Criticism of Evans’ embracing of a kind of MTV, over-produced, “High-End Action Sports Entertainment” aesthetic reached fever pitch with the release of Girl and Chocolate cinema’s latest full length, pretty sweet, in November of last year. Pretty Sweet is a phenomenal production in terms of the level of skateboarding on show but also in terms of it’s quasi-cinematic look, even at a glance it is clearly apparent that Pretty Sweet isn’t simply just another skateboarding video. Despite the amazing showing from Girl/Chocolate young guns like Corey Kennedy, Elijah Berle and the young LA skater that seemingly came from nowhere, Stevie Perez, as well as some established greats like Marc Johnson and Guy Mariano, Pretty Sweet is not without it’s detractors.

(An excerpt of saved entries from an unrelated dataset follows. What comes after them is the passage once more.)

(* If $g(n)$ is bounded by a constant, then the smallest constant $C$ with $g(n)\le C$ for all $n$ satisfies $C\le 4$; the same holds for $h(n)$. Consequently, if $f(n)$ is bounded by a constant, then the smallest such constant is at most $16$.
   Context: For a digraph $D$, $\chi(D)$ is the chromatic number of its underlying graph; $D^{-1}$ is $D$ with arcs reversed; $D_1\times D_2$ has vertex set $V(D_1)\times V(D_2)$ and arc $(x,y)\to(x',y')$ iff $(x,x')$ is an arc of $D_1$ and $(y,y')$ an arc of $D_2$ (graph product $G\times H$ analogously with edges). $f(n)=\min\{\chi(G\times H):\chi(G),\chi(H)\ge n\}$ over graphs; $g(n)=\min\{\chi(D_1\times D_2):\chi(D_1),\chi(D_2)\ge n\}$ and $h(n)=\min\{\max\{\chi(D_1\times D_2),\chi(D_1\times D_2^{-1})\}:\chi(D_1),\chi(D_2)\ge n\}$ over digraphs (digons allowed). *)

From mathcomp Require Import all_boot.
Set Implicit Arguments. Unset Strict Implicit. Unset Printing Implicit Defensive.

Definition ucolorable (T : finType) (e : rel T) (k : nat) : bool :=
  [exists c : {ffun T -> 'I_k},
     [forall x, forall y, (e x y || e y x) ==> (c x != c y)]].

Lemma ucolorable_card (T : finType) (e : rel T) :
  irreflexive e -> ucolorable e #|T|.
Proof.
move=> irr; apply/existsP; exists [ffun x => enum_rank x].
apply/forallP=> x; apply/forallP=> y; apply/implyP=> exy.
rewrite !ffunE; apply/negP=> /eqP /enum_rank_inj exy'.
by move: exy; rewrite exy' orbb irr.
Qed.

Definition uchi (T : finType) (e : rel T) (irr : irreflexive e) : nat :=
  ex_minn (ex_intro (fun k => ucolorable e k) _ (ucolorable_card irr)).

(* Finite loopless digraphs (digons allowed). *)
Record digraph := Digraph {
  dvert : finType;
  darc : rel dvert;
  darc_irr : irreflexive darc }.

Record graph := Graph {
  gvert : finType;
  gadj : rel gvert;
  gadj_irr : irreflexive gadj;
  gadj_sym : symmetric gadj }.

Definition dchi (D : digraph) : nat := uchi (@darc_irr D).
Definition gchi (G : graph) : nat := uchi (@gadj_irr G).

Definition prod_rel (T1 T2 : finType) (e1 : rel T1) (e2 : rel T2) :
  rel (T1 * T2)%type := fun u v => e1 u.1 v.1 && e2 u.2 v.2.

Lemma prod_rel_irr (T1 T2 : finType) (e1 : rel T1) (e2 : rel T2) :
  irreflexive e1 -> irreflexive (prod_rel e1 e2).
Proof. by move=> h u; rewrite /prod_rel h. Qed.

Lemma prod_rel_sym (T1 T2 : finType) (e1 : rel T1) (e2 : rel T2) :
  symmetric e1 -> symmetric e2 -> symmetric (prod_rel e1 e2).
Proof. by move=> h1 h2 u v; rewrite /prod_rel h1 h2. Qed.

Definition dprod (D1 D2 : digraph) : digraph :=
  @Digraph (dvert D1 * dvert D2)%type (prod_rel (@darc D1) (@darc D2))
    (prod_rel_irr (@darc D2) (@darc_irr D1)).

Lemma rev_irr (T : finType) (e : rel T) :
  irreflexive e -> irreflexive (fun x y => e y x).
Proof. by []. Qed.
Definition drev (D : digraph) : digraph :=
  @Digraph (dvert D) (fun x y => darc y x) (rev_irr (@darc_irr D)).

Definition gprod (G H : graph) : graph :=
  @Graph (gvert G * gvert H)%type (prod_rel (@gadj G) (@gadj H))
    (prod_rel_irr (@gadj H) (@gadj_irr G))
    (prod_rel_sym (@gadj_sym G) (@gadj_sym H)).

(* "f(n) <= C", "g(n) <= C", "h(n) <= C": the minimum over the (nonempty)
   class is <= C iff some member of the class has value <= C. *)
Definition f_le (n C : nat) : Prop :=
  exists G H : graph, n <= gchi G /\ n <= gchi H /\ gchi (gprod G H) <= C.
Definition g_le (n C : nat) : Prop :=
  exists D1 D2 : digraph, n <= dchi D1 /\ n <= dchi D2 /\
    dchi (dprod D1 D2) <= C.
Definition h_le (n C : nat) : Prop :=
  exists D1 D2 : digraph, n <= dchi D1 /\ n <= dchi D2 /\
    maxn (dchi (dprod D1 D2)) (dchi (dprod D1 (drev D2))) <= C.

From mathcomp Require Import all_boot zify.

(* Let [arcD D] be the arc digraph of D (vertices the arcs, [uv -> vw]).
   Colouring a vertex by the set of colours of its entering arcs shows
   chi(D) <= 2 ^ chi(arcD D), while chi(D) <= C(k, 2) implies
   chi(arcD D) <= k.  Since [arcD D1 x arcD D2] maps homomorphically into
   [arcD (D1 x D2)] (and likewise with D2 reversed), if g(n) <= C + 1 for all
   n with C >= 4, then applying this to witnesses for 2 ^ n gives g(n) <= C,
   because C + 1 <= C(C, 2); descending to 4 settles g and h.  Finally a graph
   is a symmetric digraph, so f <= h, and the underlying graph of
   D1 x D2 is covered by D1 x D2 and D1 x D2^-1, so f <= h * h <= 16. *)

Set Implicit Arguments. Unset Strict Implicit. Unset Printing Implicit Defensive.

Lemma ucolorableP (T : finType) (e : rel T) k :
  reflect (exists c : T -> 'I_k, forall x y, e x y -> c x != c y)
          (ucolorable e k).
Proof.
apply: (iffP existsP) => [[c /forallP Hc] | [c Hc]].
  exists c => x y exy; have /implyP := forallP (Hc x) y; apply.
  by rewrite exy.
exists [ffun x => c x]; apply/forallP=> x; apply/forallP=> y.
by apply/implyP; rewrite !ffunE => /orP[/Hc // | /Hc]; rewrite eq_sym.
Qed.

Lemma ucolorable_fin (T K : finType) (e : rel T) (c : T -> K) :
  (forall x y, e x y -> c x != c y) -> ucolorable e #|K|.
Proof.
move=> Hc; apply/ucolorableP; exists (fun x => enum_rank (c x)) => x y exy.
by rewrite (inj_eq enum_rank_inj) Hc.
Qed.

Lemma ucolorable_widen (T : finType) (e : rel T) k k' :
  k <= k' -> ucolorable e k -> ucolorable e k'.
Proof.
move=> le_kk' /ucolorableP[c Hc]; rewrite -[k']card_ord.
by apply: (ucolorable_fin (c := fun x => widen_ord le_kk' (c x))) => x y /Hc.
Qed.

Lemma ucolorable_comap (T T' : finType) (e : rel T) (e' : rel T') (f : T -> T') k :
  (forall x y, e x y -> e' (f x) (f y) || e' (f y) (f x)) ->
  ucolorable e' k -> ucolorable e k.
Proof.
move=> hom /ucolorableP[c Hc]; apply/ucolorableP; exists (c \o f) => x y.
by move=> /hom /orP[/Hc // | /Hc]; rewrite eq_sym.
Qed.

Lemma ucolorable_mul (T : finType) (e e1 e2 : rel T) k1 k2 :
  (forall x y, e x y -> [|| e1 x y, e1 y x, e2 x y | e2 y x]) ->
  ucolorable e1 k1 -> ucolorable e2 k2 -> ucolorable e (k1 * k2).
Proof.
move=> cover /ucolorableP[c1 Hc1] /ucolorableP[c2 Hc2].
rewrite -[k1]card_ord -[k2]card_ord -card_prod.
apply: (ucolorable_fin (c := fun x => (c1 x, c2 x))) => x y exy.
rewrite xpair_eqE negb_and.
case/or4P: (cover x y exy) => [/Hc1 | /Hc1 | /Hc2 | /Hc2];
  by rewrite 1?[_ == _]eq_sym => ->; rewrite ?orbT.
Qed.

Lemma uchi_leq (T : finType) (e : rel T) (irr : irreflexive e) k :
  (uchi irr <= k) = ucolorable e k.
Proof.
rewrite /uchi; case: ex_minnP => m col_m min_m.
by apply/idP/idP => [/ucolorable_widen -> | /min_m].
Qed.

Lemma uchi_comap (T T' : finType) (e : rel T) (e' : rel T')
    (irr : irreflexive e) (irr' : irreflexive e') (f : T -> T') :
  (forall x y, e x y -> e' (f x) (f y) || e' (f y) (f x)) ->
  uchi irr <= uchi irr'.
Proof.
by move=> hom; rewrite uchi_leq (ucolorable_comap hom) // -(uchi_leq irr').
Qed.

Lemma dchi_leq (D : digraph) k : (dchi D <= k) = ucolorable (@darc D) k.
Proof. exact: uchi_leq. Qed.

Lemma dchi_hom (D D' : digraph) (f : dvert D -> dvert D') :
  (forall x y, darc x y -> darc (f x) (f y)) -> dchi D <= dchi D'.
Proof. by move=> hom; apply: (@uchi_comap _ _ _ _ _ _ f) => x y /hom ->. Qed.

Lemma dchi_ucolorable (D : digraph) : ucolorable (@darc D) (dchi D).
Proof. by rewrite -dchi_leq. Qed.

Definition arc (D : digraph) : finType :=
  {uv : (dvert D * dvert D)%type | darc uv.1 uv.2}.

Definition arc_rel (D : digraph) : rel (arc D) :=
  fun a b => (val a).2 == (val b).1.

Lemma arc_rel_irr (D : digraph) : irreflexive (@arc_rel D).
Proof.
move=> [[u v] /= uv]; rewrite /arc_rel /=.
by apply: contraTF uv => /eqP ->; rewrite darc_irr.
Qed.

Definition arcD (D : digraph) : digraph :=
  @Digraph (arc D) (@arc_rel D) (@arc_rel_irr D).

Lemma ucolorable_exp_arcD (D : digraph) k :
  ucolorable (@darc (arcD D)) k -> ucolorable (@darc D) (2 ^ k).
Proof.
move=> /ucolorableP[c Hc].
pose into (v : dvert D) := [set c a | a : arc D & (val a).2 == v].
have card_sets : #|{set 'I_k}| = 2 ^ k.
  by rewrite -cardsT -powersetT card_powerset cardsT card_ord.
rewrite -card_sets.
apply: (ucolorable_fin (c := into)) => u v uv.
pose a : arc D := exist _ (u, v) uv.
have ca_v : c a \in into v by apply/imsetP; exists a; rewrite ?inE.
have ca_u : c a \notin into u.
  apply/imsetP => -[b]; rewrite inE => /eqP bu /eqP.
  by apply/negP; rewrite eq_sym Hc // /= /arc_rel bu.
by apply: contraNneq ca_u => ->.
Qed.

Lemma dchi_le_exp_arcD (D : digraph) : dchi D <= 2 ^ dchi (arcD D).
Proof. by rewrite dchi_leq ucolorable_exp_arcD ?dchi_ucolorable. Qed.

(* Given an antichain [A] of subsets of ['I_k] indexed by the colours of [D],
   colour the arc [uv] by a point of [A (c u) :\: A (c v)]: the colour of an
   arc leaving [v] lies in [A (c v)], that of an arc entering [v] does not. *)
Lemma ucolorable_arcD (D : digraph) m k (A : 'I_m -> {set 'I_k.+1}) :
  (forall i j, i != j -> ~~ (A i \subset A j)) ->
  ucolorable (@darc D) m -> ucolorable (@darc (arcD D)) k.+1.
Proof.
move=> antichain /ucolorableP[c Hc].
pose col (a : arc D) := odflt ord0 [pick x in A (c (val a).1) :\: A (c (val a).2)].
have colP (a : arc D) : col a \in A (c (val a).1) :\: A (c (val a).2).
  rewrite /col; case: pickP => [x -> // | none].
  have /antichain := Hc _ _ (valP a); rewrite -setD_eq0 => /set0Pn[x].
  by rewrite none.
apply/ucolorableP; exists col => a b /eqP ab.
have /setDP[_ col_a] := colP a; have /setDP[col_b _] := colP b.
by apply: contraNneq col_a => ->; rewrite ab.
Qed.

Lemma two_subsets_antichain k :
  exists A : 'I_'C(k, 2) -> {set 'I_k},
    forall i j, i != j -> ~~ (A i \subset A j).
Proof.
have card_pairs : #|[set X : {set 'I_k} | #|X| == 2]| = 'C(k, 2).
  by rewrite card_draws card_ord.
exists (fun i => enum_val (cast_ord (esym card_pairs) i)) => i j.
set X := enum_val _; set Y := enum_val _.
have /[!inE] /eqP cardX : X \in [set X : {set 'I_k} | #|X| == 2] by apply: enum_valP.
have /[!inE] /eqP cardY : Y \in [set X : {set 'I_k} | #|X| == 2] by apply: enum_valP.
apply: contra => sXY; have /enum_val_inj /(congr1 val) /= /val_inj -> // : X = Y.
by apply/eqP; rewrite eqEcard sXY cardX cardY.
Qed.

Lemma dchi_arcD_le (D : digraph) k :
  0 < k -> dchi D <= 'C(k, 2) -> dchi (arcD D) <= k.
Proof.
case: k => // k _; rewrite !dchi_leq.
by have [A antichain] := two_subsets_antichain k.+1; apply: ucolorable_arcD antichain.
Qed.

Lemma ltn_bin2 n : 4 <= n -> n < 'C(n, 2).
Proof. by rewrite bin2 -divn2; case: n => //= n; nia. Qed.

Lemma dchi_arcD_shrink (D : digraph) C :
  4 <= C -> dchi D <= C.+1 -> dchi (arcD D) <= C.
Proof.
move=> C4 le_DC; apply: dchi_arcD_le; first exact: leq_trans C4.
exact: leq_trans le_DC (ltn_bin2 C4).
Qed.

Lemma exp_le_dchi_arcD (D : digraph) n : 2 ^ n <= dchi D -> n <= dchi (arcD D).
Proof.
by move=> le_nD; rewrite -(@leq_exp2l 2) // (leq_trans le_nD) ?dchi_le_exp_arcD.
Qed.

Definition arc_pair (D1 D2 : digraph) (p : arc D1 * arc D2) :
  arc (dprod D1 D2) :=
  exist _ (((val p.1).1, (val p.2).1), ((val p.1).2, (val p.2).2))
    (introT andP (conj (valP p.1) (valP p.2))).

Definition arc_pair_rev (D1 D2 : digraph) (p : arc D1 * arc D2) :
  arc (dprod D1 (drev D2)) :=
  exist _ (((val p.1).1, (val p.2).2), ((val p.1).2, (val p.2).1))
    (introT andP (conj (valP p.1) (valP p.2))).

Lemma dchi_dprod_arcD (D1 D2 : digraph) :
  dchi (dprod (arcD D1) (arcD D2)) <= dchi (arcD (dprod D1 D2)).
Proof.
apply: (@dchi_hom (dprod (arcD D1) (arcD D2)) (arcD (dprod D1 D2)) (@arc_pair D1 D2)).
move=> -[a b] [a' b'] /andP[/eqP /= aa' /eqP /= bb'].
by rewrite /= /arc_rel /= aa' bb'.
Qed.

Lemma dchi_dprod_rev_arcD (D1 D2 : digraph) :
  dchi (dprod (arcD D1) (drev (arcD D2))) <= dchi (arcD (dprod D1 (drev D2))).
Proof.
apply: (@dchi_hom (dprod (arcD D1) (drev (arcD D2))) (arcD (dprod D1 (drev D2)))
  (@arc_pair_rev D1 D2)).
move=> -[a b] [a' b'] /andP[/eqP /= aa' /eqP /= bb'].
by rewrite /= /arc_rel /= aa' bb'.
Qed.

Lemma bounded_descent (P : nat -> nat -> Prop) :
  (forall n C C', C <= C' -> P n C -> P n C') ->
  (forall C, 4 <= C -> (forall n, P n C.+1) -> forall n, P n C) ->
  forall C, (forall n, P n C) -> forall n, P n 4.
Proof.
move=> mono step; elim=> [|C IH] PC n; first exact: mono (PC n).
have [le_C4 | lt_4C] := leqP C.+1 4; first exact: mono (PC n).
exact: IH (step C lt_4C PC) n.
Qed.

Lemma g_le_mono n C C' : C <= C' -> g_le n C -> g_le n C'.
Proof.
move=> le_CC' [D1 [D2 [n1 [n2 le_C]]]]; exists D1, D2; do 2!split=> //.
exact: leq_trans le_C le_CC'.
Qed.

Lemma h_le_mono n C C' : C <= C' -> h_le n C -> h_le n C'.
Proof.
move=> le_CC' [D1 [D2 [n1 [n2 le_C]]]]; exists D1, D2; do 2!split=> //.
exact: leq_trans le_C le_CC'.
Qed.

Lemma g_le_step C : 4 <= C -> (forall n, g_le n C.+1) -> forall n, g_le n C.
Proof.
move=> C4 bound n; have [D1 [D2 [n1 [n2 le_prod]]]] := bound (2 ^ n).
exists (arcD D1), (arcD D2); split; first exact: exp_le_dchi_arcD.
split; first exact: exp_le_dchi_arcD.
exact: leq_trans (dchi_dprod_arcD D1 D2) (dchi_arcD_shrink C4 le_prod).
Qed.

Lemma h_le_step C : 4 <= C -> (forall n, h_le n C.+1) -> forall n, h_le n C.
Proof.
move=> C4 bound n; have [D1 [D2 [n1 [n2]]]] := bound (2 ^ n).
rewrite geq_max => /andP[le_prod le_prod_rev].
exists (arcD D1), (arcD D2); split; first exact: exp_le_dchi_arcD.
split; first exact: exp_le_dchi_arcD.
rewrite geq_max (leq_trans (dchi_dprod_arcD D1 D2) (dchi_arcD_shrink C4 le_prod)).
exact: leq_trans (dchi_dprod_rev_arcD D1 D2) (dchi_arcD_shrink C4 le_prod_rev).
Qed.

Definition digraph_of_graph (G : graph) : digraph :=
  @Digraph (gvert G) (@gadj G) (@gadj_irr G).

Lemma ugraph_irr (D : digraph) : irreflexive (fun x y => @darc D x y || darc y x).
Proof. by move=> x; rewrite darc_irr. Qed.

Lemma ugraph_sym (D : digraph) : symmetric (fun x y => @darc D x y || darc y x).
Proof. by move=> x y; rewrite orbC. Qed.

Definition ugraph (D : digraph) : graph :=
  @Graph (dvert D) _ (@ugraph_irr D) (@ugraph_sym D).

Lemma gchi_ugraph (D : digraph) : gchi (ugraph D) = dchi D.
Proof.
apply/eqP; rewrite eqn_leq; apply/andP; split; apply: (@uchi_comap _ _ _ _ _ _ id).
  by move=> x y.
by move=> x y xy; rewrite /= xy.
Qed.

Lemma f_le_h_le n C : f_le n C -> h_le n C.
Proof.
move=> [G [H [nG [nH le_prod]]]].
exists (digraph_of_graph G), (digraph_of_graph H); do 2!split=> //.
have dchi_prod :
    dchi (dprod (digraph_of_graph G) (digraph_of_graph H)) = gchi (gprod G H) by [].
have dchi_prod_rev :
    dchi (dprod (digraph_of_graph G) (drev (digraph_of_graph H))) = gchi (gprod G H).
  apply/eqP; rewrite eqn_leq; apply/andP; split; apply: (@uchi_comap _ _ _ _ _ _ id);
    move=> x y /andP[/= e1 e2]; have e2' := e2; rewrite gadj_sym in e2';
    by rewrite /prod_rel /= e1 e2 e2'.
by rewrite dchi_prod dchi_prod_rev maxnn.
Qed.

(* An edge of [ugraph D1 x ugraph D2] joins its ends in the same direction or
   in opposite directions, i.e. it is an edge of [D1 x D2] or of
   [D1 x D2^-1]; colour a vertex by the pair of its colours there. *)
Lemma gchi_gprod_ugraph (D1 D2 : digraph) :
  gchi (gprod (ugraph D1) (ugraph D2)) <=
    dchi (dprod D1 D2) * dchi (dprod D1 (drev D2)).
Proof.
rewrite /gchi uchi_leq.
apply: (ucolorable_mul _ (dchi_ucolorable (dprod D1 D2))
                         (dchi_ucolorable (dprod D1 (drev D2)))).
move=> [x1 x2] [y1 y2] /andP[/= /orP[] e1 /orP[] e2];
  by rewrite /prod_rel /= e1 e2 ?orbT.
Qed.

Lemma h_le_f_le n C : h_le n C -> f_le n (C * C).
Proof.
move=> [D1 [D2 [n1 [n2]]]]; rewrite geq_max => /andP[le_prod le_prod_rev].
exists (ugraph D1), (ugraph D2); rewrite !gchi_ugraph; do 2!split=> //.
exact: leq_trans (gchi_gprod_ugraph D1 D2) (leq_mul le_prod le_prod_rev).
Qed.

Theorem theorem10 :
  ((exists C, forall n, g_le n C) -> forall n, g_le n 4) /\
  ((exists C, forall n, h_le n C) -> forall n, h_le n 4) /\
  ((exists C, forall n, f_le n C) -> forall n, f_le n 16).
Proof.
have g_bound := bounded_descent g_le_mono g_le_step.
have h_bound := bounded_descent h_le_mono h_le_step.
split; first by move=> [C]; apply: g_bound.
split; first by move=> [C]; apply: h_bound.
move=> [C f_bounded] n; apply: (@h_le_f_le n 4).
by apply: (h_bound C) => m; apply: f_le_h_le (f_bounded m).
Qed.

The over-saturation of footage of smiling men high-fiving each other throughout the video has not only not gone unnoticed but spawned the fantastic “Pretty Soft” and some of the music selections were extremely questionable (looking at you, truly dreadful Guy Mariano song)

When one considers the Pretty Sweet/Ty Evans backlash it has to be kept in mind that lots of the people complaining are of the opinion all skateboard videos should look like this and regardless of ones tastes Evans was behind some of the unquestionably fantastic and significant skateboard films of the last decade or so (Chomp On This, Modus Operandi, Yeah Right) his legacy is in some respect secure. The real news surrounding Evans’ departure from the crail camp is where he is going to end up next. In an announcement that is pretty much equal parts“ No way, really!?” and “well yeah, of course he is”. Evans has apparently signed on to work with production company Brain Farm best known for their snowboarding film The Art of Flight and just generally using super expensive cameras to film stuff in super slow motion, both passions of Mr. Evans’. Though it is hard to be entirely happy for him when you witness the bizarre teeth gnashing and maniacal laughter he indulges in throughout the video introducing him to the Brain Farm team.